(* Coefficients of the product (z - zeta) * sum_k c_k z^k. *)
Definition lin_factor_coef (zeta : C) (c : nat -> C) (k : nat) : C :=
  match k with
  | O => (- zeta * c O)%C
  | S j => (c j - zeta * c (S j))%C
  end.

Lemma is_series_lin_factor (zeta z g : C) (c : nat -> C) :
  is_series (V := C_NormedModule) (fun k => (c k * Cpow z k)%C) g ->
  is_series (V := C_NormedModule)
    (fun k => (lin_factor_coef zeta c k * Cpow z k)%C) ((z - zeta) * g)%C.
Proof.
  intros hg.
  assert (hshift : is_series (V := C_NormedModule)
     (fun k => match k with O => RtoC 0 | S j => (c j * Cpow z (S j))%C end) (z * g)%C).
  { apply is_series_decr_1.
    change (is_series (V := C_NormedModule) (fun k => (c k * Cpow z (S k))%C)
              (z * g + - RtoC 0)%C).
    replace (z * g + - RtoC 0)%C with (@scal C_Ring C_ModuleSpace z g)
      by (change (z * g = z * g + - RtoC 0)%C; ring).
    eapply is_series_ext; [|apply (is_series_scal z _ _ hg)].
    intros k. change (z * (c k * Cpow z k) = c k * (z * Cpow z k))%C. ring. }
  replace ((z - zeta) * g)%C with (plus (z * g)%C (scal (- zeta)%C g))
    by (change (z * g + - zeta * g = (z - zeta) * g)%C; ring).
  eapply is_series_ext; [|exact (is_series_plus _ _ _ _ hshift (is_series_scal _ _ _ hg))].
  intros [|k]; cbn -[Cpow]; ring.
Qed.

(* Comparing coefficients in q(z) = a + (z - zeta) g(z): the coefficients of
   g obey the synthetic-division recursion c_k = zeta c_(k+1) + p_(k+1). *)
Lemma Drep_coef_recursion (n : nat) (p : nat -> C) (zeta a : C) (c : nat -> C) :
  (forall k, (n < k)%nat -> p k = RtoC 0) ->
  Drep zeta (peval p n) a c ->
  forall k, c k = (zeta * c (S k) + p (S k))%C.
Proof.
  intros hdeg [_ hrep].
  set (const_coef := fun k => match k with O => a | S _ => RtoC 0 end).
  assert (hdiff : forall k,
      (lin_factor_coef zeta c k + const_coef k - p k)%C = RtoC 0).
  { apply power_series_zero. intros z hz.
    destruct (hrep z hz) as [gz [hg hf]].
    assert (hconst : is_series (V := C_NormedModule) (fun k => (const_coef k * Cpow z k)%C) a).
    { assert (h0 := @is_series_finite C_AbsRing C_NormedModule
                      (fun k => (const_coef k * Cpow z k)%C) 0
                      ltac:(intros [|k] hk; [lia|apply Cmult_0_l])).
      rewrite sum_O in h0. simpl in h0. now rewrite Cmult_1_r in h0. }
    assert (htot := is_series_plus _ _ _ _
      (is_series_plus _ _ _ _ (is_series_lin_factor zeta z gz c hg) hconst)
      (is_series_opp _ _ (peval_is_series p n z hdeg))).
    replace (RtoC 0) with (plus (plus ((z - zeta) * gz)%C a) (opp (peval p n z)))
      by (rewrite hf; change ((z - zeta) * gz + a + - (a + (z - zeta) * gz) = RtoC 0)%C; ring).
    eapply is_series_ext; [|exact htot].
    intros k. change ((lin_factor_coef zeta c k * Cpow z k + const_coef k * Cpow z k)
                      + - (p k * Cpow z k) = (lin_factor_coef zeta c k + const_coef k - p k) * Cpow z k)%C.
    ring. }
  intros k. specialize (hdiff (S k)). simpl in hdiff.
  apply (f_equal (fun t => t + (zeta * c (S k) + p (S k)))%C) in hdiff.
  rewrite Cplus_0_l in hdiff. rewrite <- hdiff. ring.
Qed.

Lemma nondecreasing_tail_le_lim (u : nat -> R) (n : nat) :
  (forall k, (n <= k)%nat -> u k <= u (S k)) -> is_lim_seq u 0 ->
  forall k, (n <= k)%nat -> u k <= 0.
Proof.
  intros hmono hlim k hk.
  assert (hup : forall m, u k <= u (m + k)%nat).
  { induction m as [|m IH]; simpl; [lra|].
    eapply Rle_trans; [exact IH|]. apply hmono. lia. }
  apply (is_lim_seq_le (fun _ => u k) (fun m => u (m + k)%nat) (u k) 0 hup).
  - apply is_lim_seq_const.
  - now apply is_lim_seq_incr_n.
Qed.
============
__Task to complete__
Wherever "forall" appears in a line of the entries, copy that line.

__Your solution__
  (forall k, (n < k)%nat -> p k = RtoC 0) ->
  forall k, c k = (zeta * c (S k) + p (S k))%C.
  assert (hdiff : forall k,
  (forall k, (n <= k)%nat -> u k <= u (S k)) -> is_lim_seq u 0 ->
  forall k, (n <= k)%nat -> u k <= 0.
  assert (hup : forall m, u k <= u (m + k)%nat).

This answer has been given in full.